Conformal Fermi Coordinates
Liang Dai, Enrico Pajer, Fabian Schmidt
TL;DR
Conformal Fermi Coordinates (CFC) generalize Fermi Normal Coordinates to describe a local FLRW spacetime around a free-falling observer, valid on scales beyond the horizon. By performing a controlled coarse-graining and mapping to observations, the authors show that long-wavelength perturbations enter local dynamics mainly through the background expansion $a_F$ and tidal terms via the conformal Riemann tensor, while short-scale Einstein equations remain linear in the subhorizon regime. The formalism clarifies the physical content of long-short mode couplings, recovers known results for tensor-scalar interactions, and provides a transparent framework separating locally measurable effects from projection effects. The approach thus offers a practical, gauge-invariant method to connect early-universe perturbations to late-time observables across all relevant cosmological scales, with clear prescriptions for translating to distant observations.
Abstract
Fermi Normal Coordinates (FNC) are a useful frame for isolating the locally observable, physical effects of a long-wavelength spacetime perturbation.
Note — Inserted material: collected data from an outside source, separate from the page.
Definition imbalanced_rule (c : rps_mset 3) : 'I_3 :=
  if (0 < c oR)%N && (0 < c oS)%N then oR
  else if (0 < c oP)%N then
    (if (0 < c oR)%N then oP
     else if (0 < c oS)%N then oS
     else oP)
  else if (0 < c oR)%N then oR
  else oS.

From HB Require Import structures.
From mathcomp Require Import all_boot all_order all_algebra perm.
From mathcomp Require Import all_classical all_reals all_analysis.
From mathcomp Require Import lra.
Set Implicit Arguments. Unset Strict Implicit. Unset Printing Implicit Defensive.
Import Order.TTheory GRing.Theory Num.Theory.
Import numFieldNormedType.Exports.
Local Open Scope ring_scope.

(* Let A_m be the uniform expected payoff an object would get if it won every
   multiset containing it; by the symmetry between objects A_m does not depend
   on the object. In any (m,3)-RPS game every uniform payoff lies in [-1, A_m],
   and since the game is zero-sum and the m players are interchangeable, the
   three uniform payoffs sum to 0. For three-entry vectors with equal sums,
   majorization only compares largest and smallest entries, so
   u_m = (A_m, 1 - A_m, -1) majorizes every such payoff vector.
   In the imbalanced game R gets its winner payoff as soon as another player
   chose S, and S gets -1 as soon as another player chose R. Only profiles of
   the other m-1 players avoiding one object, of probability (2/3)^(m-1),
   contribute an error, of at most m+1, whence
   |F_m - u_m| <= (m+1) (2/3)^(m-1). *)

Definition winner_payoff (R : realFieldType) (m c : nat) : R :=
  (m%:R - c%:R) / c%:R.

Lemma payoffE (R : realFieldType) m n (phi : rps_mset n -> 'I_n) c o :
  payoff R m phi c o = if phi c == o then winner_payoff R m (c o) else -1.
Proof. by rewrite /payoff; case: eqP => // ->. Qed.

Section ZeroSum.
Variables (R : realFieldType) (n : nat).

Definition choice_count k (t : {ffun 'I_k -> 'I_n}) : rps_mset n :=
  [ffun o => #|[set x | t x == o]|].

Lemma sum_choice_count k (t : {ffun 'I_k -> 'I_n}) :
  (\sum_o choice_count t o)%N = k.
Proof.
rewrite -[RHS]card_ord -sum1_card (partition_big t xpredT) //=.
by apply: eq_bigr => o _; rewrite ffunE cardsE -sum1_card.
Qed.

Lemma sum_by_choice k (t : {ffun 'I_k -> 'I_n}) (f : 'I_n -> R) :
  \sum_j f (t j) = \sum_o (choice_count t o)%:R * f o.
Proof.
rewrite (partition_big t xpredT) //=; apply: eq_bigr => o _.
rewrite (eq_bigr (fun=> f o)) => [|j /eqP -> //].
by rewrite sumr_const ffunE cardsE mulr_natl.
Qed.

Lemma payoff_weighted_sum0 m (phi : rps_mset n -> 'I_n) (c : rps_mset n) :
  (\sum_o c o)%N = m -> (0 < c (phi c))%N ->
  \sum_o (c o)%:R * payoff R m phi c o = 0.
Proof.
move=> sum_c win_c; rewrite (bigD1 (phi c)) //= payoffE eqxx.
rewrite (eq_bigr (fun o => - (c o)%:R)) => [|o /negbTE]; last first.
  by rewrite payoffE eq_sym => ->; rewrite mulrN1.
have losers : (\sum_(o | o != phi c) c o)%N = (m - c (phi c))%N.
  by rewrite -sum_c [in RHS](bigD1 (phi c)) //= addKn.
have win_le : (c (phi c) <= m)%N by rewrite -sum_c (bigD1 (phi c)) //= leq_addr.
rewrite sumrN -natr_sum losers natrB // /winner_payoff mulrCA mulfV ?mulr1
  ?subrr //.
by rewrite pnatr_eq0 -lt0n.
Qed.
Their cosmological application, however, is hampered by the fact that they are only valid on scales much smaller than the horizon. We introduce a generalization that we call Conformal Fermi Coordinates (CFC). CFC preserve all the advantages of FNC, but in addition are valid outside the horizon. They allow us to calculate the coupling of long- and short-wavelength modes on all scales larger than the sound horizon of the cosmological fluid, starting from the epoch of inflation until today, by removing the complications of the second order Einstein equations to a large extent, and eliminating all gauge ambiguities. As an application, we present a calculation of the effect of long-wavelength tensor modes on small scale density fluctuations. We recover previous results, but clarify the physical content of the individual contributions in terms of locally measurable effects and "projection" terms.